Untuk memperkuat data yang telah diperoleh, penulis kemudian mencari literatur pendukung, yakni dari buku The Great Story of Muhammad halaman 197, yang dimana pula tertulis di dalamnya Buraq merupakan hewan yang ditunggangi oleh nabi Muhammad menuju Masjid Al-Aqsha dan naik ke langit 1-7 ditemani oleh malaikat Jibril. Tetapi, selama penjelasan terkait Isra Mi’Raj yang dilakukan oleh Nabi Muhammad, tidak sekalipun dikatakan bahwa Nabi Muhammad menggunakan batu yang dimaksud. Seperti yang dijelaskan dalam Al-Qur’an, Allah swt memberangkatkan jasad dan ruh Nabi Muhammad saw dari Masjid Al-Haram ke Masjid Al-Aqsha, lalu menaikkannya ke langit ketujuh hingga Sidratal Muntaha.

Rasulullah saw kembali ke Makkah pada malam yang sama. (QS. Al Isra’ [17]:1) dan (QS. An Najm [53]: 13-18). Dalam buku ini juga diperlihatkan gambar barang peninggalan-peninggalan Rasulullah, keluarga beserta sahabat beliau yang disimpan di Topikapi Palace Museum, Istanbul, Turki. Seperti pakaian (gamis), sepatu dan beberapa helai jenggot Rasulullah, mushaf Al-Qur’an yang dibaca Utsman Bin Affan ketika beliau mati syahid, pedang Umar bin Khaththab, jubah Fatimah, dan lain sebagainya. Namun penulis tidak menemukan foto batu melayang tersebut.

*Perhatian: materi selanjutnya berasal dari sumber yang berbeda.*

(* Let $\mathcal{X}$ be a countable set, $\mathcal{D}$ a distribution on $\mathcal{X}\times\{0,1\}$, $\alpha,\epsilon>0$, and let $(f_1,f_2)$ be a pair of models output by Reconcile$(f_1^0,f_2^0,\alpha,\epsilon,\mathcal{D})$ for some models $f_1^0,f_2^0:\mathcal{X}\to[0,1]$. Let $E\subseteq\mathcal{X}$ with $\mu(E)>0$ and let $p_j(E)=\mathbb{E}_{(x,y)\sim\mathcal{D}}[f_j(x)\mid x\in E]$ for $j=1,2$. Then $$|p_1(E)-p_2(E)|\le\frac{\alpha}{\mu(E)}+\epsilon.$$
   Context: $\mu(S)=\Pr_{(x,y)\sim\mathcal{D}}[x\in S]$. Brier score $B(f,\mathcal{D})=\mathbb{E}[(f(x)-y)^2]$. $U_\epsilon(f_1,f_2)=\{x:|f_1(x)-f_2(x)|>\epsilon\}$, $U^>_\epsilon$, $U^<_\epsilon$ its subsets where $f_1>f_2$, resp. $f_1<f_2$. Patch: $h(x,f;g,\Delta)=f(x)+\Delta$ if $g(x)=1$, else $f(x)$. $\mathrm{Round}(v;m)$ is a closest point to $v$ in $\{k/m:k\in\mathbb{Z},-m\le k\le m\}$. Algorithm Reconcile$(f_1,f_2,\alpha,\epsilon,\mathcal{D})$: set $m=\lceil \frac{2}{\sqrt{\alpha}\epsilon}\rceil$, $t_1=t_2=0$, $f_1^0=f_1$, $f_2^0=f_2$. While $\mu(U_\epsilon(f_1^{t_1},f_2^{t_2}))\ge\alpha$: for each $\bullet\in\{>,<\}$, $i\in\{1,2\}$ let $v_*^\bullet=\mathbb{E}[y\mid x\in U^\bullet_\epsilon(f_1^{t_1},f_2^{t_2})]$, $v_i^\bullet=\mathbb{E}[f_i^{t_i}(x)\mid x\in U^\bullet_\epsilon(f_1^{t_1},f_2^{t_2})]$; choose $(i,\bullet)$ maximizing $\mu(U^\bullet_\epsilon(f_1^{t_1},f_2^{t_2}))(v_*^\bullet-v_i^\bullet)^2$ (product $0$ for mass-zero sets; ties arbitrary); let $g$ be the indicator of that set, $\tilde\Delta=\mathbb{E}[y\mid g=1]-\mathbb{E}[f_i^{t_i}(x)\mid g=1]$, $\Delta=\mathrm{Round}(\tilde\Delta;m)$; set $f_i^{t_i+1}=h(\cdot,f_i^{t_i};g,\Delta)$ and increment $t_i$. On exit, output $(f_1^{t_1},f_2^{t_2})$. *)

From mathcomp Require Import all_boot all_order all_algebra.
From mathcomp Require Import all_classical all_reals all_analysis.
Set Implicit Arguments. Unset Strict Implicit. Unset Printing Implicit Defensive.
Import Order.TTheory GRing.Theory Num.Theory.
Local Open Scope classical_set_scope.
Local Open Scope ring_scope.

Section Reconcile.
Context {R : realType} {d : measure_display} {X : measurableType d}.
(* D : a distribution on X x {0,1}; the label y is the boolean z.2 *)
Variable P : probability (X * bool)%type R.

Definition mu (S : set X) : R := fine (P (S `*` setT)).

(* E[h(x,y) | x in S]  (MathComp convention r / 0 = 0 when mu(S) = 0) *)
Definition condE (S : set X) (h : X * bool -> R) : R :=
  Rintegral P (S `*` setT) h / mu S.

Definition pE (f : X -> R) (S : set X) : R := condE S (fun z => f z.1).
Definition ycond (S : set X) : R := condE S (fun z => (z.2)%:R).

Definition U (eps : R) (f1 f2 : X -> R) : set X := [set x | eps < `|f1 x - f2 x|].
Definition Ugt (eps : R) (f1 f2 : X -> R) : set X := [set x | eps < `|f1 x - f2 x| /\ f2 x < f1 x].
Definition Ult (eps : R) (f1 f2 : X -> R) : set X := [set x | eps < `|f1 x - f2 x| /\ f1 x < f2 x].

(* the patch h(x, f; g, Delta), with g the indicator of S *)
Definition patch (f : X -> R) (S : set X) (Delta : R) : X -> R :=
  fun x => if `[< S x >] then f x + Delta else f x.

Definition is_round (v : R) (m : int) (r : R) : Prop :=
  exists k : int, [/\ - m <= k <= m, r = k%:~R / m%:~R &
    forall k' : int, - m <= k' <= m -> `|v - r| <= `|v - k'%:~R / m%:~R| ].

Definition m_param (alpha eps : R) : int := Num.ceil (2 / (Num.sqrt alpha * eps)).

Definition Ub (eps : R) (b : bool) (f1 f2 : X -> R) : set X :=
  if b then Ugt eps f1 f2 else Ult eps f1 f2.

Definition pick (i : bool) (f1 f2 : X -> R) : X -> R := if i then f1 else f2.

Definition score (eps : R) (f1 f2 : X -> R) (i b : bool) : R :=
  let S := Ub eps b f1 f2 in
  if mu S == 0 then 0 else mu S * (ycond S - pE (pick i f1 f2) S) ^+ 2.

(* One iteration of the while loop of Reconcile(., ., alpha, eps, D),
   nondeterministic in the tie-breaking of the argmax and of Round. *)
Definition reconcile_step (alpha eps : R) (st st' : (X -> R) * (X -> R)) : Prop :=
  let f1 := st.1 in let f2 := st.2 in
  alpha <= mu (U eps f1 f2) /\
  exists (i b : bool) (Delta : R),
    [/\ forall i' b', score eps f1 f2 i' b' <= score eps f1 f2 i b,
        is_round (ycond (Ub eps b f1 f2) - pE (pick i f1 f2) (Ub eps b f1 f2))
                 (m_param alpha eps) Delta &
        st' = (if i then (patch f1 (Ub eps b f1 f2) Delta, f2)
               else (f1, patch f2 (Ub eps b f1 f2) Delta))].

Inductive reconcile_run (alpha eps : R) :
  (X -> R) * (X -> R) -> (X -> R) * (X -> R) -> Prop :=
| run_refl st : reconcile_run alpha eps st st
| run_step st st' st'' : reconcile_step alpha eps st st' ->
    reconcile_run alpha eps st' st'' -> reconcile_run alpha eps st st''.

Definition reconcile_output (alpha eps : R) (f1 f2 g1 g2 : X -> R) : Prop :=
  reconcile_run alpha eps (f1, f2) (g1, g2) /\ mu (U eps g1 g2) < alpha.

End Reconcile.

From Pilot Require Import Defs.
From mathcomp Require Import all_boot all_order all_algebra.
From mathcomp Require Import all_classical all_reals all_analysis.
From mathcomp Require Import lra.
Set Implicit Arguments. Unset Strict Implicit. Unset Printing Implicit Defensive.
Import Order.TTheory GRing.Theory Num.Theory.
Local Open Scope classical_set_scope.
Local Open Scope ring_scope.

(** Reconcile keeps [|f1 - f2| <= 1] everywhere. On [U^>] the model with the
larger conditional mean is [f1] (and [f2] on [U^<]); the argmax rule patches the
model whose conditional mean is farther from [E[y | U^b]], so the patch moves it
towards the other model, by at most [1] since [Round] takes values in [[-1, 1]].
For the output pair, [|p1(E) - p2(E)| <= E[|f1 - f2| | E]], and [|f1 - f2|] is
at most [1] on [U_eps] and at most [eps] off it, while [mu(U_eps) < alpha]. *)

Lemma normD_le1_opposite_signs (R : realDomainType) (a c : R) :
  `|a| <= 1 -> `|c| <= 1 -> a * c <= 0 -> `|a + c| <= 1.
Proof.
rewrite !ler_norml => /andP[? ?] /andP[? ?] ac.
by apply/andP; split; nra.
Qed.

Lemma is_round_bounds (R : realType) (v : R) (m : int) (r : R) :
  0 < m -> is_round v m r -> [/\ `|r| <= 1, (v <= 0 -> r <= 0) & (0 <= v -> 0 <= r)].
Proof.
move=> m_gt0 [k [/andP[mk km] -> closest]].
have m_gt0R : 0 < (m%:~R : R) by rewrite ltr0z.
(* [0 = 0 / m] is a grid point, so [r] cannot lie strictly across [0] from [v]. *)
have le_norm_v : `|v - k%:~R / m%:~R| <= `|v|.
  have := closest 0; rewrite mul0r subr0; apply.
  by rewrite oppr_le0 ltW.
have mkR : - (m%:~R : R) <= k%:~R by rewrite -mulrNz ler_int.
have kmR : (k%:~R : R) <= m%:~R by rewrite ler_int.
split.
- by rewrite ler_norml ler_pdivlMr // ler_pdivrMr // mul1r mulN1r mkR.
- move=> v_le0; rewrite leNgt; apply/negP => r_gt0.
  by move: le_norm_v; rewrite (ler0_norm v_le0) ltr0_norm; lra.
- move=> v_ge0; rewrite leNgt; apply/negP => r_lt0.
  by move: le_norm_v; rewrite (ger0_norm v_ge0) gtr0_norm; lra.
Qed.

Lemma m_param_gt0 (R : realType) (alpha eps : R) :
  0 < alpha -> 0 < eps -> 0 < m_param alpha eps.
Proof.
by move=> a_gt0 e_gt0; rewrite /m_param ceil_gt0 divr_gt0 // mulr_gt0 // sqrtr_gt0.
Qed.

Definition bounded (T : Type) (R : numDomainType) (g : T -> R) :=
  exists M, forall x, `|g x| <= M.

Lemma boundedB (T : Type) (R : numDomainType) (f g : T -> R) :
  bounded f -> bounded g -> bounded (fun x => f x - g x).
Proof.
move=> [M fM] [N gN]; exists (M + N) => x.
by apply: le_trans (ler_normB _ _) _; apply: lerD.
Qed.

Section DiscreteSpace.
Variables (R : realType) (d : measure_display) (X : measurableType d).
Hypothesis measurable_all : forall A : set X, measurable A.
Variable P : probability (X * bool)%type R.

Let measurable_cyl (S : set X) : measurable (S `*` [set: bool]) :=
  measurableX (measurable_all S) measurableT.

Lemma mu_ge0 (S : set X) : 0 <= mu P S.
Proof. exact: fine_ge0. Qed.

Lemma condE_mu0 (S : set X) (h : X * bool -> R) : mu P S = 0 -> condE P S h = 0.
Proof. by rewrite /condE => ->; rewrite invr0 mulr0. Qed.

Lemma integrable_fst (g : X -> R) (S : set X) :
  bounded g -> P.-integrable (S `*` setT) (EFin \o (fun z => g z.1)).
Proof.
move=> [M gM]; apply: measurable_bounded_integrable => //.
- by rewrite -ge0_fin_numE // fin_num_measure.
- apply: measurableT_comp; last exact: measurable_funS measurable_fst.
  by move=> _ Y _; exact: measurable_all.
- exists M; split; first exact: num_real.
  by move=> M' M'M z _; exact: le_trans (gM z.1) (ltW M'M).
Qed.

Lemma pEB (f g : X -> R) (S : set X) : bounded f -> bounded g ->
  pE P f S - pE P g S = condE P S (fun z => f z.1 - g z.1).
Proof.
move=> bf bg; rewrite /pE /condE -mulrBl.
by rewrite -(RintegralB (measurable_cyl S) (integrable_fst S bf) (integrable_fst S bg)).
Qed.

Lemma pE_lt (f g : X -> R) (c : R) (S : set X) : bounded f -> bounded g ->
  0 < c -> 0 < mu P S -> (forall x, S x -> c + g x <= f x) -> pE P g S < pE P f S.
Proof.
move=> bf bg c_gt0 mu_gt0 gap.
rewrite -subr_gt0 pEB // /condE pmulr_lgt0 ?invr_gt0 //.
apply: lt_le_trans (_ : 0 < c * mu P S) _; first exact: mulr_gt0.
rewrite -Rintegral_cst //; apply: le_Rintegral => //.
- by apply: (integrable_fst (g := fun=> c)); exists `|c|.
- by apply: (integrable_fst (g := fun x => f x - g x)); exact: boundedB.
- by move=> z [Sz _]; rewrite lerBrDr; exact: gap.
Qed.

Lemma Rintegral_indic_fst_le (A E : set X) :
  Rintegral P (E `*` setT) (fun z => \1_A z.1) <= mu P A.
Proof.
have -> : (fun z : X * bool => \1_A z.1 : R) = \1_(A `*` setT).
  by apply/funext => z; rewrite !indicE in_setX in_setT andbT.
rewrite /Rintegral integral_indic // /mu fine_le ?fin_num_measure //;
  try exact: measurableI.
by apply: le_measure; rewrite ?inE //; exact: measurableI.
Qed.

Lemma norm_condE_le (g : X -> R) (A E : set X) (eps : R) :
  0 <= eps -> 0 < mu P E -> (forall x, `|g x| <= 1) ->
  (forall x, ~ A x -> `|g x| <= eps) ->
  `|condE P E (fun z => g z.1)| <= mu P A / mu P E + eps.
Proof.
move=> e_ge0 mu_gt0 g1 g_eps.
rewrite /condE normrM normfV (gtr0_norm mu_gt0) ler_pdivrMr // mulrDl divfK ?gt_eqF //.
have b1A : bounded (\1_A : X -> R).
  by exists 1 => x; rewrite indicE; case: (_ \in _); rewrite ?normr1 ?normr0.
have bA : bounded (fun x => \1_A x + eps).
  have [M AM] := b1A; exists (M + `|eps|) => x.
  by apply: le_trans (ler_normD _ _) _; rewrite lerD2r.
have bg : bounded g by exists 1.
have bg_norm : bounded (fun x => `|g x|) by exists 1 => x; rewrite normr_id.
have mE := measurable_cyl E.
apply: le_trans (le_normr_Rintegral mE (integrable_fst E bg)) _.
apply: le_trans (le_Rintegral mE (integrable_fst E bg_norm) (integrable_fst E bA) _) _.
  move=> z _; rewrite indicE; case: (boolP (z.1 \in A)) => [_ | /negP zA].
    by apply: le_trans (g1 _) _; rewrite lerDl.
  by rewrite add0r; apply: g_eps => Az; apply: zA; rewrite in_setE.
rewrite RintegralD //; last 2 first.
- exact: integrable_fst.
- by apply: (integrable_fst (g := fun=> eps)); exists `|eps|.
by rewrite Rintegral_cst // lerD2r Rintegral_indic_fst_le.
Qed.

Definition close_models (g1 g2 : X -> R) :=
  [/\ forall x, `|g1 x - g2 x| <= 1, bounded g1 & bounded g2].

Lemma unit_interval_close (f1 f2 : X -> R) :
  (forall x, 0 <= f1 x <= 1) -> (forall x, 0 <= f2 x <= 1) -> close_models f1 f2.
Proof.
move=> f1_01 f2_01; split.
- by move=> x; rewrite ler_norml; have := f1_01 x; have := f2_01 x; lra.
- by exists 1 => x; rewrite ger0_norm; have := f1_01 x; lra.
- by exists 1 => x; rewrite ger0_norm; have := f2_01 x; lra.
Qed.

Lemma patch_bounded (f : X -> R) (S : set X) (D : R) :
  bounded f -> bounded (Defs.patch f S D).
Proof.
move=> [M fM]; exists (M + `|D|) => x; rewrite /Defs.patch; case: asboolP => _.
  by apply: le_trans (ler_normD _ _) _; rewrite lerD2r.
by apply: le_trans (fM x) _; rewrite lerDl.
Qed.

Lemma Ub_gap (eps : R) (b : bool) (f1 f2 : X -> R) (x : X) :
  Ub eps b f1 f2 x -> eps + Defs.pick (~~ b) f1 f2 x <= Defs.pick b f1 f2 x.
Proof.
case: b => -[/= far lt]; move: far.
- by rewrite gtr0_norm ?subr_gt0 //; lra.
- by rewrite ltr0_norm ?subr_lt0 //; lra.
Qed.

Lemma score_argmax_sign (eps : R) (f1 f2 : X -> R) (i b : bool) :
  0 < eps -> bounded f1 -> bounded f2 ->
  (forall i' b', score P eps f1 f2 i' b' <= score P eps f1 f2 i b) ->
  let S := Ub eps b f1 f2 in
  let v := ycond P S - pE P (Defs.pick i f1 f2) S in
  if i == b then (v <= 0 : Prop) else (0 <= v : Prop).
Proof.
move=> e_gt0 b1 b2 argmax S v; rewrite {}/v.
have [mu0 | mu_neq0] := eqVneq (mu P S) 0.
  by rewrite /ycond /pE !condE_mu0 // subrr; case: ifP.
have mu_gt0 : 0 < mu P S by rewrite lt_neqAle eq_sym mu_neq0 mu_ge0.
have bpick j : bounded (Defs.pick j f1 f2) by case: j.
have gap : pE P (Defs.pick (~~ b) f1 f2) S < pE P (Defs.pick b f1 f2) S.
  by apply: (pE_lt _ _ e_gt0 mu_gt0) => // x; exact: Ub_gap.
(* The chosen model is the one farther from [ycond P S]. *)
have := argmax (~~ i) b; rewrite /score -/S (negPf mu_neq0) ler_pM2l // => farther.
case: eqP => [ib | /eqP]; first by subst i; nra.
by rewrite negb_eqb => /addbP nib; move: gap; rewrite -nib negbK => gap; nra.
Qed.

Lemma reconcile_step_close (alpha eps : R) st st' : 0 < alpha -> 0 < eps ->
  reconcile_step P alpha eps st st' -> close_models st.1 st.2 -> close_models st'.1 st'.2.
Proof.
move=> a_gt0 e_gt0.
case: st => f1 f2 [_ [i [b [D [argmax round ->]]]]] [close12 b1 b2] /=.
have [D1 D_le0 D_ge0] := is_round_bounds (m_param_gt0 a_gt0 e_gt0) round.
have {argmax round D_le0 D_ge0}D_sign : if i == b then D <= 0 else 0 <= D.
  have := score_argmax_sign e_gt0 b1 b2 argmax.
  by case: (i == b) => [/D_le0 | /D_ge0].
have {D_sign}opposite x :
    Ub eps b f1 f2 x -> (f1 x - f2 x) * (if i then D else - D) <= 0.
  by case: b D_sign => D_sign [_ lt]; case: i D_sign => /= D_sign; nra.
case: i opposite => /= opposite; split => //; try exact: patch_bounded.
- move=> x; rewrite /Defs.patch; case: asboolP => Sx; last exact: close12.
  by rewrite addrAC; apply: normD_le1_opposite_signs => //; exact: opposite.
- move=> x; rewrite /Defs.patch; case: asboolP => Sx; last exact: close12.
  rewrite opprD addrA; apply: normD_le1_opposite_signs; rewrite ?normrN //.
  exact: opposite.
Qed.

Lemma reconcile_run_close (alpha eps : R) st st' : 0 < alpha -> 0 < eps ->
  reconcile_run P alpha eps st st' -> close_models st.1 st.2 -> close_models st'.1 st'.2.
Proof.
move=> a_gt0 e_gt0.
by elim=> // s s' s'' /(reconcile_step_close a_gt0 e_gt0) step _ IH /step.
Qed.

End DiscreteSpace.

Theorem corollary1 (R : realType) (d : measure_display) (X : measurableType d)
  (Xcount : countable [set: X])
  (Xdiscrete : forall A : set X, measurable A)
  (P : probability (X * bool)%type R)
  (alpha eps : R) (halpha : 0 < alpha) (heps : 0 < eps)
  (f10 f20 : X -> R)
  (hf10 : forall x, 0 <= f10 x <= 1) (hf20 : forall x, 0 <= f20 x <= 1)
  (f1 f2 : X -> R)
  (hout : reconcile_output P alpha eps f10 f20 f1 f2)
  (E : set X) (hE : 0 < mu P E) :
  `|pE P f1 E - pE P f2 E| <= alpha / mu P E + eps.
Proof.
have [run U_lt] := hout.
have [close12 b1 b2] :=
  reconcile_run_close Xdiscrete halpha heps run (unit_interval_close hf10 hf20).
rewrite (pEB Xdiscrete) //.
apply: le_trans (norm_condE_le Xdiscrete (A := U eps f1 f2) (ltW heps) hE close12 _) _.
  by move=> x /negP; rewrite -leNgt.
by rewrite lerD2r ler_pM2r ?invr_gt0 // ltW.
Qed.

Merasa masih perlu memberikan fakta dan data penguat, penulis tertuju pada sebuah video di Youtube yang diunggah oleh channel Islam Populer. Dalam videonya dijelaskan, batu yang dipijak Rasulullah pada peristiwa itu bukanlah batu seperti yang termuat dalam postingan Facebook Bintang Libra, melainkan sebuah batu yang terletak di Yerussalem, Al Shaqra’, batu ini digunakan sebagai tambatan Buraq dan pijakan kaki Nabi Muhammad SAW pada saat naik ke langit-7. Batu ini dibangun oleh Khalid bin Walid karena perintah Umar bin Khaththab RA pada 15 Hijriah atau 656 Masehi. Sedangkan batu melayang pada foto tersebut dibuat pada tahun 2008.

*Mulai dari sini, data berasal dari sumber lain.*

(* Simplices of K_1 * ... * K_s: disjoint unions of simplices F_i in K_i. *)
Definition join : {set {set jtype}} :=
  [set F : {set jtype} | [forall i, fiber i F \in K i]].

Definition join_vertices : {set jtype} := [set v | [set v] \in join].

Definition join_dim_eq (d : nat) : Prop :=
  (exists2 F, F \in join & #|F| = d.+1) /\ (forall F, F \in join -> #|F| <= d.+1).

Definition join_edges (d : nat) : {set {set jtype}} :=
  [set F in join | #|F| == d.+1].
End Join.

Definition contains_copy (V : finType) (VS : {set V}) (E : {set {set V}})
  (n : nat) (H : {set {set 'I_n}}) : Prop :=
  exists f : V -> 'I_n, {in VS &, injective f} /\ (forall e, e \in E -> f @: e \in H).

Definition Fd_free (d n : nat) (H : {set {set 'I_n}}) : Prop :=
  forall (s : nat) (ns : 'I_s -> nat) (K : forall i : 'I_s, {set {set 'I_(ns i)}}),
    1 <= s ->
    (forall i, is_complex (K i)) ->
    (forall i, nice (K i)) ->
    join_dim_eq K d ->
    \sum_(i < s) ns i = d.*2 + s + 2 ->
    ~ contains_copy (join_vertices K) (join_edges K d) H.

Definition uniform (k n : nat) (H : {set {set 'I_n}}) : bool :=
  [forall e in H, #|e| == k].

Definition Fd_freeb (d n : nat) (H : {set {set 'I_n}}) : bool :=
  if excluded_middle_informative (@Fd_free d n H) then true else false.

Definition ex_Fd (d n : nat) : nat :=
  \max_(H : {set {set 'I_n}} | uniform d.+1 H && Fd_freeb d H) #|H|.

From Stdlib Require Import ClassicalEpsilon.
From mathcomp Require Import all_boot zify.
Set Implicit Arguments. Unset Strict Implicit. Unset Printing Implicit Defensive.

(* Throughout k = d+1, w = 3k and E = 3^k.
   1. Structure of F_d.  If K_1 * ... * K_s is a member of F_d and a_i is the
      size of a largest face of K_i, niceness gives n_i <= 2 a_i + 1, the
      dimension condition gives sum a_i = k, and the vertex count condition
      then forces n_i = 2 a_i + 1, so every a_i-subset of [n_i] is a face.
      Hence the member has at most 3k vertices and at least
      prod C(2 a_i + 1, a_i) >= 3^k edges.
   2. So a k-graph in which no w vertices span E edges (no "dense
      configuration") is F_d-free.
   3. Deletion: some m-set of k-subsets of [n] contains at most
      n^w 2^(2^w) (m/N)^E dense configurations, N = C(n, k); deleting one edge
      from each leaves an F_d-free k-graph.
   4. Taking m maximal with D m^(E-1) <= n^(kE-w) for a suitable constant D
      yields ex(n, F_d) >= m/2, of order n^((kE-w)/(E-1)), and
      (kE-w)/(E-1) is the exponent of the statement. *)

Lemma exists_subset_card (T : finType) (B : {set T}) k :
  k <= #|B| -> exists2 A : {set T}, A \subset B & #|A| = k.
Proof.
move=> hk; have : 0 < #|[set A : {set T} | A \subset B & #|A| == k]|.
  by rewrite cards_draws bin_gt0.
by case/card_gt0P => A; rewrite inE => /andP[AB /eqP cA]; exists A.
Qed.

Lemma exists_superset_card (T : finType) (A : {set T}) k :
  #|A| <= k -> k <= #|T| -> exists2 B : {set T}, A \subset B & #|B| = k.
Proof.
move=> Ak kT; have [Z ZC cZ] : exists2 Z : {set T}, Z \subset ~: A & #|Z| = k - #|A|.
  by apply: exists_subset_card; have := cardsC A; lia.
exists (A :|: Z); first exact: subsetUl.
rewrite cardsU; have -> : A :&: Z = set0.
  apply/setP => x; rewrite !inE; apply/negP => /andP[xA xZ].
  by have := subsetP ZC _ xZ; rewrite inE xA.
by rewrite cards0 cZ; lia.
Qed.

Lemma card_bigcup_le (T I : finType) (P : pred I) (F : I -> {set T}) :
  #|\bigcup_(i | P i) F i| <= \sum_(i | P i) #|F i|.
Proof.
elim/big_rec2: _ => [|i x y _ h]; first by rewrite cards0.
by apply: leq_trans (leq_card_setU _ _) _; rewrite leq_add2l.
Qed.

Lemma sum_eq_termwise (I : finType) (f g : I -> nat) :
  (forall i, f i <= g i) -> \sum_i f i = \sum_i g i -> forall i, f i = g i.
Proof.
move=> fg sum_fg i; apply/eqP; rewrite eqn_leq fg /= leqNgt; apply/negP => lt_fg.
move: sum_fg; rewrite (bigD1 i) //= [in RHS](bigD1 i) //=.
have : \sum_(j | j != i) f j <= \sum_(j | j != i) g j by apply: leq_sum.
lia.
Qed.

Dengan semua bukti pendukung yang penulis kumpulkan, maka dengan ini konklusi yang bisa ditarik mengenai unggahan akun Bintang Libra mengenai pernyataan batu melayang yang dipakai Nabi Muhammad SAW ketika melakukan Isra Mi’raj dapat

disimpulkan sebagai informasi keliru dan bersifat hoaks. Lebih jauh, menyikapi informasi keliru seperti ini, penulis kemudian terjun langsung ke lapangan untuk menemui salah seorang narasumber terkait yang penulis rasa substansial dalam mengemukakan pandangannya.

Narasumber yang juga merupakan seorang akademisi, Muh. Adnan Kasogi S.Sos,M. Si adalah dosen di Fakultas Ilmu Sosial dan Ilmu Politik di Universitas Hasanuddin kala itu menuturkan, informasi keliru atau penyebaran hoaks sebijaknya disikapi sebagai bentuk kritik bagi mahasiswa dan para pegiat literasi bahwa literasi digital sangat penting diedukasikan ke masyarakat secara masif.

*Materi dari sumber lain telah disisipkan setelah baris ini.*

(* Let $\Gamma$ be a totally ordered additive abelian group, let $\mathsf{M}=(E,\nu_{\mathsf{M}})$ be a valuated matroid of rank $r$ on a finite set $E$ with values in $\overline{\Gamma}$, and let $\widetilde{\nu}_{\mathsf{M}}\colon\binom{E}{\leq r}\to\overline{\Gamma}$ be given by $\widetilde{\nu}_{\mathsf{M}}(S)=\min\{\nu_{\mathsf{M}}(B)\mid B\in\binom{E}{r},\ S\subseteq B\}$. Let $Q$ be a finite set disjoint from $E$ and $\widetilde{E}=Q\sqcup E$. Define $\nu_{\widetilde{\mathsf{M}}}\colon\binom{\widetilde{E}}{r}\to\overline{\Gamma}$ by $\nu_{\widetilde{\mathsf{M}}}(\widetilde{S})=\widetilde{\nu}_{\mathsf{M}}(\widetilde{S}\cap E)$. Then $\nu_{\widetilde{\mathsf{M}}}$ is a valuated matroid of rank $r$ on $\widetilde{E}$.
   Context: $\overline{\Gamma}=\Gamma\sqcup\{\infty\}$ with $\infty$ larger than every element of $\Gamma$. $\binom{X}{r}$ and $\binom{X}{\leq r}$ denote the sets of subsets of $X$ with exactly $r$, resp. at most $r$, elements. A valuated matroid of rank $r$ on a finite set $X$ is a map $\nu\colon\binom{X}{r}\to\overline{\Gamma}$, not identically $\infty$, such that for all $S,T\in\binom{X}{r}$ and every $s\in S- T$ there is $t\in T- S$ with $\nu(S)+\nu(T)\geq\nu(S-\{s\}\cup\{t\})+\nu(T-\{t\}\cup\{s\})$. *)

From mathcomp Require Import all_boot all_order all_algebra.
Set Implicit Arguments. Unset Strict Implicit. Unset Printing Implicit Defensive.
Import GRing.Theory.
Local Open Scope ring_scope.

Definition totally_ordered_group (G : zmodType) (le : rel G) : Prop :=
  [/\ reflexive le, antisymmetric le, transitive le, total le &
      forall a b c : G, le a b -> le (a + c) (b + c)].

(* Gamma-bar = Gamma ⊔ {oo}, encoded as option G with None = oo. *)
Definition oadd (G : zmodType) (x y : option G) : option G :=
  match x, y with Some a, Some b => Some (a + b) | _, _ => None end.

Definition ole (G : zmodType) (le : rel G) (x y : option G) : bool :=
  match x, y with
  | _, None => true
  | None, Some _ => false
  | Some a, Some b => le a b
  end.

Definition omin (G : zmodType) (le : rel G) (x y : option G) : option G :=
  if ole le x y then x else y.

(* valuated matroid of rank r on the finite set X (a finType);
   nu is only considered on r-element subsets *)
Definition valuated_matroid (G : zmodType) (le : rel G) (X : finType) (r : nat)
    (nu : {set X} -> option G) : Prop :=
  (exists S : {set X}, #|S| = r /\ nu S <> None) /\
  forall S T : {set X}, #|S| = r -> #|T| = r ->
    forall s, s \in S :\: T ->
      exists2 t, t \in T :\: S &
        ole le (oadd (nu ((S :\ s) :|: [set t])) (nu ((T :\ t) :|: [set s])))
               (oadd (nu S) (nu T)).

(* nu-tilde(S) = min { nu(B) | #|B| = r, S \subset B } (min of empty = oo) *)
Definition nu_tilde (G : zmodType) (le : rel G) (X : finType) (r : nat)
    (nu : {set X} -> option G) (S : {set X}) : option G :=
  \big[omin le/None]_(B : {set X} | (#|B| == r) && (S \subset B)) nu B.

(* E-tilde = Q ⊔ E as the sum type Q + E; S-tilde ∩ E as a subset of E *)
Definition inter_E (Q E : finType) (S : {set Q + E}) : {set E} :=
  [set e | inr e \in S].

Definition nu_ext (G : zmodType) (le : rel G) (Q E : finType) (r : nat)
    (nu : {set E} -> option G) (S : {set Q + E}) : option G :=
  nu_tilde le r nu (inter_E S).

From Pilot Require Import Defs.
From mathcomp Require Import all_boot all_order all_algebra.
From mathcomp Require Import zify.
Set Implicit Arguments. Unset Strict Implicit. Unset Printing Implicit Defensive.
Import GRing.Theory.

(* Write f for nu-tilde and A_E for the trace on E of a subset A of Q + E.  Given
   S, T, s with f(S_E) + f(T_E) = v finite, fix a basis B of minimal value containing
   (S - s)_E, and call a basis C containing (T + s)_E admissible if
   nu(B) + nu(C) <= v.  If some t in T - S fits into B together with (S - s)_E, the pair
   (B, C) already witnesses the exchange at t.  Otherwise T - S lies in C - B, and
   counting yields x in B - C outside S.  The exchange axiom for B, C at x then gives
   either the required t, or an admissible C' meeting B in one more element (the
   minimality of nu(B) preserves the bound), or s itself.  In the last case a second
   such x' exists; the crossed pair (B - x + s, C - s + x') still has value at most v,
   and a third exchange at s settles it.  An admissible C comes from optimal bases for
   S_E and T_E by at most one exchange. *)

Section OrderedGroup.
Variables (G : zmodType) (le : rel G).
Hypothesis hG : totally_ordered_group le.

Menurut Yudha Pradana dalam Atribusi Kewargaan Digital dalam Literasi Digital (2018), salah satu prinsip dasar dari literasi digital yaitu pemahaman. Artinya masyarakat memiliki kemampuan untuk memahami informasi yang diberikan media, baik secara implisit ataupun eksplisit. Namun, inilah yang menjadi tantangan bahwa arus infomasi yang banyak membuat masyarakat menerima informasi terlalu banyak di saat yang bersamaan.

Penulis pun merasa turut bertanggung jawab untuk mengajak para pengguna media agar lebih bijak menanggapi bahkan membagikan sebuah infomasi. Di sinilah literasi digital berperan, yakni untuk mencari, menemukan, memilah serta memahami informasi yang benar dan tepat.